“We know that 99% of ‘history’ as they teach it is mind-numbingly boring. And we’re sorry about that; we can’t change what happened in your youth,” is how this history of the world book starts out in the introduction by author Erik Sass, as an apology to all those that fell asleep in their history classes.
If we had only had this book as our text, we would have sat up straight and looked at all of our history teachers with new founded interest.
Co-authored by Erik Sass and Steve Wiegand, and co-authored some more by the guys who started Mental Floss in 2001 (Will Pearson and Mangesh Hattifudur), this is a great read!

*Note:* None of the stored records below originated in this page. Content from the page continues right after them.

(* Let $1\le k<n$ and let $X$ be a fixed real $n\times k$ matrix of full column rank $k$. Let $\mathbf{F}_2^0$ be the class of all distributions $F$ of $Y=X\beta+e$ in $\mathbb{R}^n$, where $\beta$ ranges over $\mathbb{R}^k$ and the distribution of $e$ ranges over all distributions on $\mathbb{R}^n$ with $Ee=0$ and $Eee'=\sigma^2 I_n$ for some $0<\sigma^2<\infty$; write $\beta(F)$ for the corresponding $\beta$ and $e=Y-X\beta(F)$ for the error vector under $F$. Let $\hat\beta_{OLS}=(X'X)^{-1}X'Y$, let $H_1,\dots,H_k$ be symmetric real $n\times n$ matrices with $\operatorname{tr}(H_i)=0$ and $X'H_iX=0$ for $i=1,\dots,k$, and for $\alpha\in\mathbb{R}$ define $$\hat\beta_\alpha=\hat\beta_{OLS}+\alpha\,(Y'H_1Y,\dots,Y'H_kY)'.$$ Write $Q=(Y'H_1Y,\dots,Y'H_kY)'$. Then: (a) $E_F(\hat\beta_\alpha)=\beta(F)$ for all $F\in\mathbf{F}_2^0$ and all $\alpha\in\mathbb{R}$. (b) If $\operatorname{Cov}_F(c'\hat\beta_{OLS},c'Q)\neq 0$ for some $c\in\mathbb{R}^k$ and some $F\in\mathbf{F}_2^0$ under which $Y$ has finite fourth moments, then there exists $\alpha\in\mathbb{R}$ such that $\operatorname{Var}_F(c'\hat\beta_\alpha)<\operatorname{Var}_F(c'\hat\beta_{OLS})$. (c) For every $c\in\mathbb{R}^k$ and every $F\in\mathbf{F}_2^0$ with finite fourth moments and $\beta(F)=0$, $$\operatorname{Cov}_F(c'\hat\beta_{OLS},c'Q)=\sum_{j=1}^n\sum_{l=1}^n\sum_{m=1}^n d_j\Big(\sum_{i=1}^k c_i h_{lm}(i)\Big)E_F(e_je_le_m),$$ where $d=(d_1,\dots,d_n)'=X(X'X)^{-1}c$ and $h_{lm}(i)$ is the $(l,m)$-th entry of $H_i$. (d) For every $c\in\mathbb{R}^k$ and every $F\in\mathbf{F}_2^0$ with finite fourth moments under which $\beta(F)=0$ and the coordinates $e_1,\dots,e_n$ of $e$ are independent, $$\operatorname{Cov}_F(c'\hat\beta_{OLS},c'Q)=\sum_{j=1}^n d_j\Big(\sum_{i=1}^k c_i h_{jj}(i)\Big)E_F(e_j^3),$$ with $d$ and $h_{jj}(i)$ as in (c).
   Context: $E_F$, $\operatorname{Var}_F$, $\operatorname{Cov}_F$ denote expectation, variance and covariance when $Y$ has distribution $F$. *)

From HB Require Import structures.
From mathcomp Require Import all_boot all_order all_algebra.
From mathcomp Require Import all_classical all_reals all_analysis.
Set Implicit Arguments.
Unset Strict Implicit.
Unset Printing Implicit Defensive.
Import Order.TTheory GRing.Theory Num.Theory.
Local Open Scope classical_set_scope.
Local Open Scope ring_scope.

(* A distribution F in F_2^0 is represented by a probability space (T,P),
   a parameter beta(F) : 'cV_k and an error vector e = (e_1,...,e_n) of
   real random variables; then Y = X beta + e. *)
Section Model.
Context {R : realType} {n k : nat} (X : 'M[R]_(n, k)) (H : 'I_k -> 'M[R]_n).
Context {d : measure_display} {T : measurableType d} (P : probability T R).
Context (beta : 'cV[R]_k) (e : 'I_n -> T -> R).

Definition errvec (t : T) : 'cV[R]_n := \col_i e i t.

Definition Yobs (t : T) : 'cV[R]_n := X *m beta + errvec t.

(* e has a distribution with E e = 0 and E e e' = sigma^2 I_n, 0 < sigma^2
   (finite second moments; measurability is part of membership in Lfun). *)
Definition in_F20 : Prop :=
  [/\ (forall i, e i \in Lfun P 2%:E),
      (forall i, ('E_P[e i] = 0)%E) &
      exists sigma2 : R, 0 < sigma2 /\
        forall i j, ('E_P[fun t => (e i t * e j t)%R] =
                    (if i == j then sigma2 else 0)%:E)%E].

Definition fourth_moments : Prop :=
  forall i, (fun t => Yobs t i 0) \in Lfun P 4%:E.

Definition betaOLS (t : T) : 'cV[R]_k := invmx (X^T *m X) *m X^T *m Yobs t.

Definition Qvec (t : T) : 'cV[R]_k := \col_i ((Yobs t)^T *m H i *m Yobs t) 0 0.

Definition betaAlpha (a : R) (t : T) : 'cV[R]_k := betaOLS t + a *: Qvec t.

End Model.

Definition lincomb {R : realType} {k : nat} (c v : 'cV[R]_k) : R := (c^T *m v) 0 0.

Definition mutually_independent {R : realType} {d : measure_display}
  {T : measurableType d} (P : probability T R) {n : nat} (f : 'I_n -> T -> R) : Prop :=
  forall B : 'I_n -> set R, (forall i, measurable (B i)) ->
    P (\bigcap_(i in [set: 'I_n]) (f i @^-1` B i)) =
    (\prod_(i < n) P (f i @^-1` B i))%E.

(* With u = X beta we have Y = u + e and E[Y_l Y_m] = u_l u_m + sigma^2 [l = m],
   so E[Y' H_i Y] = u' H_i u + sigma^2 tr H_i = 0 because X' H_i X = 0 and
   tr H_i = 0, while (X'X)^-1 X' u = beta: this is unbiasedness.
   Var(A + a B) = Var A + 2 a Cov(A, B) + a^2 Var B falls below Var A for
   a = -Cov(A, B) / (Var B + 1) whenever Cov(A, B) <> 0.
   When beta = 0, c' beta_OLS = d' e is centred, so the covariance is
   E[(d' e) (e' G e)] with G = sum_i c_i H_i, which expands trilinearly.
   Under independence E[e_j e_l e_m] vanishes off the diagonal j = l = m,
   because some index then occurs exactly once and E e_a = 0.  The product
   rule E[prod_i phi_i(e_i)] = prod_i E[phi_i(e_i)] behind this follows from
   the definition of independence for indicators, by multilinearity for simple
   functions, by monotone convergence of dyadic approximations for nonnegative
   phi_i, and by splitting into positive and negative parts in general. *)

From HB Require Import structures.
From mathcomp Require Import all_boot all_order all_algebra.
From mathcomp Require Import all_classical all_reals all_analysis.
From mathcomp Require Import measurable_realfun measurable_fun_approximation.
From mathcomp Require Import ring lra.
Set Implicit Arguments.
Unset Strict Implicit.
Unset Printing Implicit Defensive.

Import Order.TTheory GRing.Theory Num.Theory.
Import numFieldNormedType.Exports.
Local Open Scope classical_set_scope.
Local Open Scope ring_scope.

Lemma norm_exprn_le1D4 {R : realFieldType} (y : R) k :
  (k <= 4)%N -> `|y ^+ k| <= 1 + y ^+ 4.
Proof.
move=> k4; rewrite normrX.
have y4 : y ^+ 4 = `|y| ^+ 4 by rewrite -normrX ger0_norm// exprn_even_ge0.
have [y1|y1] := leP `|y| 1.
  by rewrite (le_trans (exprn_ile1 _ _ y1))// lerDl y4 exprn_ge0.
have : `|y| ^+ k <= `|y| ^+ 4.
  by rewrite -(subnK k4) exprD ler_peMl ?exprn_ge0 ?exprn_ege1// ltW.
rewrite y4; lra.
Qed.

Section Lfun_probability.
Context {d : measure_display} {T : measurableType d} {R : realType}
  (P : probability T R).

Lemma LfunD p (p1 : (1 <= p)%E) (f g : T -> R) :
  f \in Lfun P p -> g \in Lfun P p -> (fun t => f t + g t) \in Lfun P p.
Proof. by move=> hf hg; have := rpredD hf hg; exact. Qed.

Lemma LfunZ p (p1 : (1 <= p)%E) (a : R) (f : T -> R) :
  f \in Lfun P p -> (fun t => a * f t) \in Lfun P p.
Proof. by move=> hf; have := rpredZ a hf; exact. Qed.

Lemma Lfun_sum p (p1 : (1 <= p)%E) (I : Type) (r : seq I) (F : I -> T -> R) :
  (forall i, F i \in Lfun P p) -> (fun t => \sum_(i <- r) F i t) \in Lfun P p.
Proof.
move=> hF; elim: r => [|a r IH].
  by under eq_fun do rewrite big_nil; have := @rpred0 _ (Lfun P p); exact.
by under eq_fun do rewrite big_cons; exact: LfunD.
Qed.

Lemma Lfun_measurable {p} {f : T -> R} : f \in Lfun P p -> measurable_fun setT f.
Proof. by case/andP; rewrite inE. Qed.

Lemma Lfun1_dominated (f g : T -> R) : measurable_fun setT f ->
  (forall t, `|f t| <= g t) -> g \in Lfun P 1 -> f \in Lfun P 1.
Proof.
move=> mf fg /Lfun1_integrable ig; apply/Lfun1_integrable.
apply: (le_integrable _ _ _ ig) => //; first exact/measurable_EFinP.
by move=> t _ /=; rewrite lee_fin (le_trans (fg t)) ?ler_norm.
Qed.

Lemma Lfun1_indic (A : set T) : measurable A -> \1_A \in Lfun P 1.
Proof. by move=> mA; apply/Lfun1_integrable; exact: integrable_indic. Qed.

Lemma ge0_Lfun1 (f : T -> R) (x : R) : measurable_fun setT f ->
  (forall t, 0 <= f t) -> ('E_P[f] = x%:E)%E -> f \in Lfun P 1.
Proof.
move=> mf f0 hE; apply/Lfun1_integrable/integrableP; split.
  exact/measurable_EFinP.
have -> : (\int[P]_t `|(EFin \o f) t|)%E = ('E_P[f])%E.
  by rewrite unlock; apply: eq_integral => t _ /=; rewrite ger0_norm.
by rewrite hE ltry.
Qed.

Lemma Lfun2_sqr (f : T -> R) : measurable_fun setT f ->
  (fun t => f t ^+ 2) \in Lfun P 1 -> f \in Lfun P 2%:E.
Proof.
move=> mf /Lfun1_integrable /integrableP[_ h].
rewrite inE; apply/andP; split; first by rewrite inE.
rewrite inE /finite_norm unlock /=; apply: poweR_lty.
apply: le_lt_trans h; rewrite le_eqVlt; apply/orP; left; apply/eqP.
by apply: eq_integral => t _ /=; rewrite powR_mulrn// normrX.
Qed.

Lemma Lfun4_Lfun2 (f : T -> R) : f \in Lfun P 4%:E -> f \in Lfun P 2%:E.
Proof.
apply: Lfun_subset; rewrite ?lee1n ?lee_fin ?ler_nat//.
exact: fin_num_measure.
Qed.

Lemma Lfun2_Lfun1 (f : T -> R) : f \in Lfun P 2%:E -> f \in Lfun P 1.
Proof. by apply: Lfun_subset12; exact: fin_num_measure. Qed.

Lemma Lfun4_exp4 (f : T -> R) :
  f \in Lfun P 4%:E -> (fun t => f t ^+ 4) \in Lfun P 1.
Proof.
move=> /(Lfun_integrable (ler1n _ 4)) h; apply/Lfun1_integrable.
move: h; apply: eq_integrable => // t _ /=.
by rewrite powR_mulrn// -normrX ger0_norm// exprn_even_ge0.
Qed.

Lemma Lfun4_exprn (f : T -> R) k : (k <= 4)%N ->
  f \in Lfun P 4%:E -> (fun t => f t ^+ k) \in Lfun P 1.
Proof.
move=> k4 hf; apply: (@Lfun1_dominated _ (fun t => 1 + f t ^+ 4)).
- by apply: measurable_funX; exact: Lfun_measurable hf.
- by move=> t; exact: norm_exprn_le1D4.
- by apply: LfunD => //; [exact: Lfun_cst | exact: Lfun4_exp4].
Qed.

Lemma Lfun4_mul (f g : T -> R) : f \in Lfun P 4%:E -> g \in Lfun P 4%:E ->
  (fun t => f t * g t) \in Lfun P 2%:E.
Proof.
move=> hf hg; have mf := Lfun_measurable hf; have mg := Lfun_measurable hg.
apply: Lfun2_sqr; first exact: measurable_funM.
apply: (@Lfun1_dominated _ (fun t => f t ^+ 4 + g t ^+ 4)).
- by apply: measurable_funX; exact: measurable_funM.
- by move=> t; rewrite ger0_norm ?sqr_ge0//; set a := f t; set b := g t; nra.
- by apply: LfunD => //; exact: Lfun4_exp4.
Qed.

From the red squared blurbs (which I found quite fascinating) to the actual text, you will be amazed that history is this candidly interesting. Did you know, for instance, that Napoleon’s little Napoleon was described as about one inch and the size of grape? This book is full of such tidbits and truly a rare find!
Chapter One starts with Africa and After (60,000 BC-1500 BC), “In a Nutshell,” and immediately gets you hooked. We, as human beings, are always hungry. Hunger motivates everything we do. If you are really in an all-fired hurry and are one of those lists persons, Sass and Wiegand have conveniently provided lists throughout the book to help summarized the passage of time. And the passage of time covers happenings in Egypt, India, China, and even Australia (surmised by the heading ‘Where you can get away from it all’)
Chapter Two is Chaos and Control (1500 BC-500 BC), and includes the “In a Nutshell,” which has happenings in Greece, what was happening to Jewish people, and other interesting facts.
Chapter Three deals with Athens, Alexander and ends the BC era and Chapter Four gets into AD, which deals primarily with Rome and its people and accomplishments but also makes mention of China, Persia, India, Mexico, and gives a very detailed red blurb on the invention of cold cream – which, by the way, I have always wondered about.
Chapter Five and Six bring us to the Dark Ages, and give us new perspectives on the time period. When Rome fell, a lot fell with it and plunged us into the Dark Ages, which, incidentally seemed to be a European crisis and other parts of the world were doing fine (think Mayan civilization at its peak).
I especially enjoyed the section of the Black Death, probably because I was reading it in my fuzzy bathrobe at the time with a nice cup of tea sitting beside me thinking ‘Goodness, those ancient people were dirty’.
The disease started on a flea, which was on a rat, and you get the idea…then they threw the puss-filled dead bodies out into the street OR as enterprising Tartars did – they loaded their catapults full of the disease-laden corpses and flung them at their enemies and thus won their war.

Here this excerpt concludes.